Among the entries below, take the line with "(* Lambda_F restricted" and the line with "i.e. (i+1)+(j+1) = k+1. *)", and output them and every line between them exactly, with nothing else.
↓↓↓
(* For every $n\ge1$, $D(\alpha).Q_n(\alpha)=(\alpha^2n^2-n\alpha)Q_n(\alpha)$.
   Context: $F=\mathbb{Q}(\alpha)$, $\Lambda_F=F[p_1,p_2,\dots]$ with $p_n$ the power sums. For a partition $\lambda$ with $m_i$ parts equal to $i$, $l(\lambda)$ is its number of parts, $z_\lambda=\prod_i i^{m_i}m_i!$, $p_\lambda=\prod p_{\lambda_i}$. $Q_n(\alpha)=\sum_{\lambda\vdash n}\alpha^{-l(\lambda)}z_\lambda^{-1}p_\lambda$. The operator $$D(\alpha)=\sum_{i,j\ge1}(i+j)\alpha\,p_ip_j\frac{\partial}{\partial p_{i+j}}+\sum_{i,j\ge1}ij\alpha^2p_{i+j}\frac{\partial^2}{\partial p_i\partial p_j}+\alpha(\alpha-1)\sum_{k\ge1}k^2p_k\frac{\partial}{\partial p_k}.$$ *)

From mathcomp Require Import all_boot all_order all_algebra.
From mathcomp Require Import fraction.
From mathcomp Require Import mpoly.
Set Implicit Arguments. Unset Strict Implicit. Unset Printing Implicit Defensive.
Import GRing.Theory.
Local Open Scope ring_scope.

Definition F : fieldType := {fraction {poly rat}}.
Definition alpha : F := tofrac ('X : {poly rat}).

(* Lambda_F restricted to the power sums p_1, ..., p_N :
   {mpoly F[N]}, where the variable 'X_k (k : 'I_N) stands for p_(k+1). *)

(* The operator D(alpha), on F[p_1,...,p_N].  Index conventions:
   'X_i = p_(i+1), 'X_j = p_(j+1), 'X_k = p_(k+1) with k = i+j+1,
   i.e. (i+1)+(j+1) = k+1. *)
Definition Dop (N : nat) (f : {mpoly F[N]}) : {mpoly F[N]} :=
  \sum_(i < N) \sum_(j < N) \sum_(k < N | (i + j + 1)%N == k)
      ((k.+1)%:R * alpha) *: ('X_i * 'X_j * mderiv k f)
  + \sum_(i < N) \sum_(j < N) \sum_(k < N | (i + j + 1)%N == k)
      ((i.+1 * j.+1)%:R * alpha ^+ 2) *: ('X_k * mderiv i (mderiv j f))
  + (alpha * (alpha - 1)) *:
      \sum_(k < N) ((k.+1 ^ 2)%:R : F) *: ('X_k * mderiv k f).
↑↑↑
_Solution to this problem_
(* Lambda_F restricted to the power sums p_1, ..., p_N :
   {mpoly F[N]}, where the variable 'X_k (k : 'I_N) stands for p_(k+1). *)

(* The operator D(alpha), on F[p_1,...,p_N].  Index conventions:
   'X_i = p_(i+1), 'X_j = p_(j+1), 'X_k = p_(k+1) with k = i+j+1,
   i.e. (i+1)+(j+1) = k+1. *)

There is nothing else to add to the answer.